Despite this, MM patients have higher CXCL13 concentrations in bone marrow plasma and peripheral blood than healthy individuals [40], suggesting that CXCL13 may exert effects on non-MM cells within the marrow. Myeloid cells are a major source of CXCL13 [40], and interactions between MM cells and macrophages can increase CXCL13 expression in both.
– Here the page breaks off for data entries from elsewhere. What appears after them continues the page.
(* Each of the at most M^2 heavy coordinates costs D, and every coordinate
   costs at most 12 K D / M besides. *)
Lemma heavy_light_le (heavy K M q D : R) : 0 < K -> 0 < M -> 0 <= D ->
  heavy <= M * M -> 2 * K * (M * M) <= q -> 8 * (K * K) <= M ->
  heavy * D + q * (12 * K / M * D) <= 2 / K * q * D.
Proof.
move=> K_gt0 M_gt0 D_ge0 heavy_le q_ge Mge.
have q_ge0 : 0 <= q by nra.
suff : heavy + q * (12 * K / M) <= 2 / K * q.
  by move=> /(Rmult_le_compat_r D _ _ D_ge0); lra.
apply: (Rmult_le_reg_r (K * M)); first nra.
have -> : (heavy + q * (12 * K / M)) * (K * M) = heavy * K * M + 12 * q * (K * K).
  by field; lra.
have -> : 2 / K * q * (K * M) = 2 * q * M by field; lra.
have : heavy * K * M <= (M * M) * K * M.
  by apply: Rmult_le_compat_r; [lra | apply: Rmult_le_compat_r; lra].
have : (M * M) * K * M * 2 <= q * M by nra.
have : 12 * q * (K * K) <= 12 * q * M / 8 by nra.
lra.
Qed.

End SplitCost.

Section PotentialBound.

Variables q n k : nat.
Hypotheses (q_gt3 : (3 < q)%nat)
  (q_large : (2 * k.+1 * (expn 2 k * expn 2 k) <= q)%nat)
  (k_large : (8 * (k.+1 * k.+1) <= expn 2 k)%nat).
Implicit Types (A P Q : {set pt q n}).
Local Open Scope R_scope.

Lemma cross_entropy_le P Q : {in P & Q, forall x y, rlt (q - 1) x y} ->
  (0 < #|P| <= #|Q|)%nat -> (#|Q| <= 2 * #|P|)%nat ->
  \big[Rplus/0]_(i < q) coord_entropy P Q i
    <= 2 / INR k.+1 * INR q * split_entropy (INR #|P|) (INR #|Q|).
Proof.
move=> PltQ /andP[P_gt0 PQ] Q_le.
set D := split_entropy _ _; set m := expn 2 k.
have m_gt0 : (0 < m)%nat by rewrite expn_gt0.
have m_gt0' : 0 < INR m by apply: lt_0_INR; apply/ltP.
have N_gt0 : 0 < INR (#|P| + #|Q|) by apply: lt_0_INR; apply/ltP; lia.
have N_le : INR (#|P| + #|Q|) <= 6 * D.
  have := split_entropy_ge_balanced (lt_0_INR _ (ltP P_gt0)) (leq_INR PQ).
  by rewrite plus_INR -/D; have := leq_INR Q_le; rewrite mult_INR /=; lra.
pose heavy i := (#|P| * #|Q| < m * m * inversions P Q i)%nat.
have coord_le i : coord_entropy P Q i <= INR (heavy i) * D + 12 * INR k.+1 / INR m * D.
  have light_le := light_entropy_le (pos_INR k) m_gt0' (ln_expn2_le k) N_gt0 N_le.
  have light_ge0 : 0 <= 12 * INR k.+1 / INR m * D.
    apply: Rmult_le_pos; last lra.
    apply: Rlt_le; apply: Rdiv_lt_0_compat => //.
    by rewrite S_INR; have := pos_INR k; lra.
  rewrite S_INR in light_ge0 *; rewrite /heavy; case: ltnP => [_ | light].
    by have := coord_entropy_le P Q i; rewrite -/D (_ : INR true = 1) //; lra.
  have := coord_entropy_le_light P_gt0 m_gt0 light.
  by rewrite (_ : INR false = 0) //; lra.
apply: (@Rle_trans _
  (\big[Rplus/0]_(i < q) (INR (heavy i) * D + 12 * INR k.+1 / INR m * D))).
  by apply: Rsum_le => i _; apply: coord_le.
have -> : \big[Rplus/0]_(i < q) (INR (heavy i) * D + 12 * INR k.+1 / INR m * D)
    = INR (\sum_(i < q) heavy i) * D + INR q * (12 * INR k.+1 / INR m * D).
  rewrite INR_sum -Rsum_const_ord.
  by elim/big_rec3: _ => [|i y1 y2 y3 _ ->]; ring.
apply: heavy_light_le => //.
- exact: lt_0_INR (ltP (ltn0Sn k)).
- lra.
- by rewrite -mult_INR; apply: leq_INR; apply: count_heavy_coords_le.
- by have := leq_INR q_large; rewrite !mult_INR.
- by have := leq_INR k_large; rewrite !mult_INR (INR_IZR_INZ 8).
Qed.

Lemma potential_le A : r_comparable (q - 1) A ->
  potential A <= 2 / INR k.+1 * INR q * xlnx (INR #|A|).
Proof.
have [N] := ubnP #|A|; elim: N A => // N IH A A_lt cmpA.
have [A_le1 | A_gt1] := leqP #|A| 1.
  by rewrite potential_small // xlnx_nat_le1 // Rmult_0_r; lra.
have [P [Q [eA PQ cardP cardQ PltQ]]] :=
  r_comparable_halves (ltac:(lia) : (q < 2 * (q - 1))%nat)
    (ltac:(lia) : (2 * q < 3 * (q - 1))%nat) cmpA.
have cardA : #|A| = (#|P| + #|Q|)%nat by lia.
have cmpP : r_comparable (q - 1) P by apply: r_comparableS cmpA; rewrite eA subsetUl.
have cmpQ : r_comparable (q - 1) Q by apply: r_comparableS cmpA; rewrite eA subsetUr.
have := IH P ltac:(lia) cmpP; have := IH Q ltac:(lia) cmpQ.
have := cross_entropy_le PltQ ltac:(lia) ltac:(lia).
rewrite eA potentialU // -eA cardA plus_INR.
by rewrite /split_entropy; lra.
Qed.

Lemma card_le_Rpower A : (2 <= k)%nat -> (0 < n)%nat -> r_comparable (q - 1) A ->
  INR #|A| <= Rpower (INR n) ((INR k + 1) / (INR k - 1)).
Proof.
move=> k_ge2 n_gt0 cmpA.
have [A0 | A_gt0] := posnP #|A|.
  by rewrite A0; apply: Rlt_le; apply: exp_pos.
have := Rle_trans _ _ _ (potential_ge n_gt0 A_gt0) (potential_le cmpA).
have N_gt0 : 0 < INR #|A| by exact: lt_0_INR (ltP A_gt0).
have n_gt0' : 0 < INR n by exact: lt_0_INR (ltP n_gt0).
have q_gt0 : 0 < INR q by apply: lt_0_INR; apply/ltP; lia.
have k_ge2' : 2 <= INR k by apply: (leq_INR k_ge2).
rewrite ln_div // S_INR /xlnx; set N := INR #|A| in N_gt0 * => ineq.
have : ln N - ln (INR n) <= 2 / (INR k + 1) * ln N.
  apply: (Rmult_le_reg_l (INR q * N)); first exact: Rmult_lt_0_compat.
  have -> : INR q * N * (2 / (INR k + 1) * ln N) = 2 / (INR k + 1) * INR q * (N * ln N).
    by field; lra.
  lra.
move=> ln_le; rewrite /Rpower -[N]exp_ln //.
suff : ln N <= (INR k + 1) / (INR k - 1) * ln (INR n).
  by case=> [lt|->]; [apply: Rlt_le; apply: exp_increasing | lra].
apply: (Rmult_le_reg_l ((INR k - 1) / (INR k + 1))).
  by apply: Rdiv_lt_0_compat; lra.
have -> : (INR k - 1) / (INR k + 1) * ((INR k + 1) / (INR k - 1) * ln (INR n))
    = ln (INR n) by field; lra.
have -> : (INR k - 1) / (INR k + 1) * ln N = ln N - 2 / (INR k + 1) * ln N by field; lra.
lra.
Qed.

End PotentialBound.

Lemma expn2_ge_8sq k : 10 <= k -> 8 * (k.+1 * k.+1) <= expn 2 k.
Proof.
move=> k_ge10; rewrite -(subnK k_ge10); elim: (k - 10) => [|j IH] //.
by rewrite !addSn expnS; move: IH; set e := expn 2 _; nia.
Qed.

Lemma expn2_sq_ge k : 10 <= k -> 2 * k.+1 * (expn 2 k * expn 2 k) <= expn 2 (k * k).
Proof.
move=> k_ge10; have := expn2_ge_8sq k_ge10 => k_small.
apply: (@leq_trans (expn 2 k * (expn 2 k * expn 2 k))).
  by rewrite leq_mul2r; apply/orP; right; lia.
by rewrite -!expnD leq_pexp2l //; nia.
Qed.

Lemma exists_sq_log_bracket q : expn 2 100 <= q ->
  exists k, [/\ 10 <= k, expn 2 (k * k) <= q & q < expn 2 (k.+1 * k.+1)].
Proof.
move=> q_large.
have k_le_q k : expn 2 (k * k) <= q -> k <= q.
  move=> /(leq_trans _); apply; apply: ltnW.
  apply: leq_trans (ltn_expl k (isT : 1 < 2)) _.
  by rewrite leq_pexp2l //; nia.
have [k k_ok k_max] :=
  ex_maxnP (ex_intro (fun k => expn 2 (k * k) <= q) 10 q_large) k_le_q.
exists k; split => //; first exact: k_max.
by rewrite ltnNge; apply/negP => /k_max; lia.
Qed.

Section MainBound.

Local Open Scope R_scope.

Lemma sqrt_lt_of_lt_sq x a : 0 <= x -> 0 <= a -> x < a * a -> sqrt x < a.
Proof.
by move=> x_ge0 a_ge0 x_lt; rewrite -(sqrt_square a) //; apply: sqrt_lt_1 => //; nra.
Qed.

Lemma exponent_le (K s : R) : 10 <= K -> 0 < s -> s < K + 1 ->
  (K + 1) / (K - 1) <= 1 + 10 / s.
Proof.
move=> K_ge10 s_gt0 s_lt.
have : 10 / (K + 1) <= 10 / s.
  by apply: Rmult_le_compat_l; [lra | apply: Rinv_le_contravar; lra].
suff : (K + 1) / (K - 1) <= 1 + 10 / (K + 1) by lra.
apply: (Rmult_le_reg_r ((K - 1) * (K + 1))); first nra.
have -> : (K + 1) / (K - 1) * ((K - 1) * (K + 1)) = (K + 1) * (K + 1) by field; lra.
have -> : (1 + 10 / (K + 1)) * ((K - 1) * (K + 1)) = (K - 1) * (K + 1) + 10 * (K - 1).
  by field; lra.
nra.
Qed.

Lemma G_le_Rpower q n : (4 <= q)%nat -> (0 < n)%nat ->
  INR (G q (q - 1) n) <= Rpower (INR n) (1 + 10 / sqrt (log2 (INR q))).
Proof.
move=> q_ge4 n_gt0; have n_ge1 : 1 <= INR n by apply: (leq_INR n_gt0).
have log2q_ge2 : 2 <= log2 (INR q) := @log2_expn2_le 2 q q_ge4.
set s := sqrt _; have s_gt0 : 0 < s by apply: sqrt_lt_R0; lra.
apply: INR_G_le => A cmpA.
have [q_small | q_large] := ltnP q (expn 2 100).
  have s_lt : s < 10.
    have := log2_lt_expn2 (ltac:(lia) : (0 < q)%nat) q_small.
    by rewrite (INR_IZR_INZ 100 : INR 100 = 100) => ?; apply: sqrt_lt_of_lt_sq; lra.
  have card_le := r_comparable_card_le_sq (ltac:(lia) : (1 < q)%nat)
    (ltac:(lia) : (q < q - 1 + 2)%nat) cmpA.
  apply: Rle_trans (_ : Rpower (INR n) (INR 2) <= _).
    by rewrite Rpower_pow /= ?Rmult_1_r -?mult_INR; [apply: leq_INR | lra].
  apply: Rle_Rpower => //=.
  have : / 10 < / s by apply: Rinv_lt_contravar; nra.
  by rewrite /Rdiv; lra.
have [k [k_ge10 k_le_q q_lt_k]] := exists_sq_log_bracket q_large.
have k_ge10' : 10 <= INR k by rewrite -(INR_IZR_INZ 10 : INR 10 = 10); apply: leq_INR.
apply: Rle_trans (card_le_Rpower q_ge4 (leq_trans (expn2_sq_ge k_ge10) k_le_q)
  (expn2_ge_8sq k_ge10) _ n_gt0 cmpA) _; first lia.
apply: Rle_Rpower => //; apply: exponent_le => //.
apply: sqrt_lt_of_lt_sq; [lra | lra |].
by have := log2_lt_expn2 (ltac:(lia) : (0 < q)%nat) q_lt_k; rewrite mult_INR S_INR.
Qed.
In MM cells, this upregulation is driven by transforming growth factor β (TGF-β), while in macrophages it can be reduced by inhibitors of Bruton’s tyrosine kinase, which may be exploited therapeutically. MM cells and mesenchymal stromal cells (MSCs) can also produce CXCL13 [34,40], and MSCs from MM patients display higher CXCL13 expression compared to healthy donors [34].
When CXCR5 is present on MM cells, CXCL13 can directly increase their proliferation [34] and migration [34,39]. Decreasing CXCL13 expression in mice lowers the MM burden [40], indicating a protumor role. Beyond its direct effects on MM cells, CXCL13 also elevates M2 macrophage levels in the bone marrow [35], providing immune protection to MM cells. Furthermore, CXCL13 contributes to bone destruction by enhancing osteoclast formation, partially through increasing receptor activator of NF-kappaB ligand (RANKL) expression in MSC and macrophages [40].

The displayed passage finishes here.